**Task instructions**
Exact reproduction required: the lines below from the line with "Definition M2 (beta" to the line with "forall a : 'cV[R]_10, colpoly", both ends included, and no others.

**Data for this task**

(* Let $\beta=(\beta_{ij})_{i,j\ge 0,\ i+j\le 6}$ be a real sequence such that $\mathcal M(3)(\beta)$ is positive semidefinite, $\mathcal M(2)(\beta)$ is positive definite, and $\operatorname{rank}\mathcal M(3)=\operatorname{card}\mathcal V=7$, where $\mathcal V=\{(x_1,y_1),\dots,(x_7,y_7)\}$ is the algebraic variety of $\mathcal M(3)$. Suppose the columns $\mathcal B_1=\{1,X,Y,X^2,XY,Y^2,X^3\}$ form a basis of the column space of $\mathcal M(3)$. Then $\beta$ has a representing measure if and only if $\mathcal M(3)$ is weakly consistent and, for all $i,j\ge0$ with $0\le i+j\le 2$, $$\Lambda_\beta\big(x^iy^j(x^4-a_{00}-a_{10}x-a_{01}y-a_{20}x^2-a_{11}xy-a_{02}y^2-a_{30}x^3)\big)=0,$$ where $(a_{00},a_{10},a_{01},a_{20},a_{11},a_{02},a_{30})^T=W_{\mathcal B_1}^{-1}(x_1^4,\dots,x_7^4)^T$.
   Context: The moment matrix $\mathcal M(3)(\beta)$ has rows and columns indexed by $1,X,Y,X^2,XY,Y^2,X^3,X^2Y,XY^2,Y^3$ in this order, with entry $\beta_{i+k,j+l}$ in row $X^iY^j$ and column $X^kY^l$; $\mathcal M(2)(\beta)$ is its principal submatrix indexed by monomials of degree $\le 2$. For $p(x,y)=\sum a_{ij}x^iy^j$ of degree $\le 3$, $p(X,Y)=\sum a_{ij}X^iY^j$ is the corresponding linear combination of columns. The algebraic variety is $\mathcal V=\bigcap\{\mathcal Z(p):\deg p\le 3,\ p(X,Y)=\mathbf 0\}$ with $\mathcal Z(p)$ the real zero set of $p$. The Riesz functional $\Lambda_\beta$ on polynomials of degree $\le 6$ is $\Lambda_\beta(\sum a_{ij}x^iy^j)=\sum a_{ij}\beta_{ij}$. A representing measure is a positive Borel measure $\mu$ on $\mathbb R^2$ with $\beta_{ij}=\int x^iy^j\,d\mu$ for $i+j\le 6$. $\mathcal M(3)$ (or $\beta$) is weakly consistent if every polynomial $p$ of degree $\le 3$ vanishing on $\mathcal V$ satisfies $p(X,Y)=\mathbf 0$. The generalized Vandermonde matrix $W$ is the $7\times 10$ matrix whose $k$-th row is $(1,x_k,y_k,x_k^2,x_ky_k,y_k^2,x_k^3,x_k^2y_k,x_ky_k^2,y_k^3)$, with columns labeled $1,X,Y,\dots,Y^3$; for a set $\mathcal B$ of column labels, $W_{\mathcal B}$ is the submatrix of $W$ consisting of the columns in $\mathcal B$ (in the given order). *)

From HB Require Import structures.
From mathcomp Require Import all_boot all_order all_algebra.
From mathcomp Require Import all_classical all_reals all_analysis.
Set Implicit Arguments. Unset Strict Implicit. Unset Printing Implicit Defensive.
Import Order.TTheory GRing.Theory Num.Theory.
Local Open Scope ring_scope.

Definition mono_exps : seq (nat * nat) :=
  [:: (0,0); (1,0); (0,1); (2,0); (1,1); (0,2); (3,0); (2,1); (1,2); (0,3)]%N.
Definition mono (k : 'I_10) : nat * nat := nth (0,0)%N mono_exps k.

Section Moments.
Variable R : realType.

(* A (truncated) bivariate sequence; only entries with i+j <= 6 are ever used. *)
Definition M3 (beta : nat -> nat -> R) : 'M[R]_10 :=
  \matrix_(r < 10, c < 10) beta ((mono r).1 + (mono c).1)%N ((mono r).2 + (mono c).2)%N.

Definition M2 (beta : nat -> nat -> R) : 'M[R]_6 :=
  \matrix_(r < 6, c < 6) M3 beta (widen_ord (isT : (6 <= 10)%N) r)
                               (widen_ord (isT : (6 <= 10)%N) c).

Definition psd n (A : 'M[R]_n) : Prop := forall v : 'cV[R]_n, 0 <= (v^T *m A *m v) 0 0.
Definition pd n (A : 'M[R]_n) : Prop :=
  forall v : 'cV[R]_n, v != 0 -> 0 < (v^T *m A *m v) 0 0.

Definition peval3 (a : 'cV[R]_10) (z : R * R) : R :=
  \sum_(k < 10) a k 0 * z.1 ^+ (mono k).1 * z.2 ^+ (mono k).2.

(* p(X,Y) = sum a_k (column k of M(3)) = M(3) *m a. *)
Definition colpoly (beta : nat -> nat -> R) (a : 'cV[R]_10) : 'cV[R]_10 := M3 beta *m a.

Definition variety (beta : nat -> nat -> R) (z : R * R) : Prop :=
  forall a : 'cV[R]_10, colpoly beta a = 0 -> peval3 a z = 0.

Definition weakly_consistent (beta : nat -> nat -> R) : Prop :=
  forall a : 'cV[R]_10, (forall z, variety beta z -> peval3 a z = 0) -> colpoly beta a = 0.

Definition B1 (k : 'I_7) : 'I_10 := widen_ord (isT : (7 <= 10)%N) k.

Definition cols_basis m n p (f : 'I_p -> 'I_n) (A : 'M[R]_(m, n)) : Prop :=
  row_free (colsub f A)^T /\ ((colsub f A)^T == A^T)%MS.

Definition Wmx (pts : 'I_7 -> R * R) : 'M[R]_(7, 10) :=
  \matrix_(k < 7, c < 10) ((pts k).1 ^+ (mono c).1 * (pts k).2 ^+ (mono c).2).
Definition WB p (f : 'I_p -> 'I_10) (pts : 'I_7 -> R * R) : 'M[R]_(7, p) :=
  colsub f (Wmx pts).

**Answer below**
Definition M2 (beta : nat -> nat -> R) : 'M[R]_6 :=
  \matrix_(r < 6, c < 6) M3 beta (widen_ord (isT : (6 <= 10)%N) r)
                               (widen_ord (isT : (6 <= 10)%N) c).

Definition psd n (A : 'M[R]_n) : Prop := forall v : 'cV[R]_n, 0 <= (v^T *m A *m v) 0 0.
Definition pd n (A : 'M[R]_n) : Prop :=
  forall v : 'cV[R]_n, v != 0 -> 0 < (v^T *m A *m v) 0 0.

Definition peval3 (a : 'cV[R]_10) (z : R * R) : R :=
  \sum_(k < 10) a k 0 * z.1 ^+ (mono k).1 * z.2 ^+ (mono k).2.

(* p(X,Y) = sum a_k (column k of M(3)) = M(3) *m a. *)
Definition colpoly (beta : nat -> nat -> R) (a : 'cV[R]_10) : 'cV[R]_10 := M3 beta *m a.

Definition variety (beta : nat -> nat -> R) (z : R * R) : Prop :=
  forall a : 'cV[R]_10, colpoly beta a = 0 -> peval3 a z = 0.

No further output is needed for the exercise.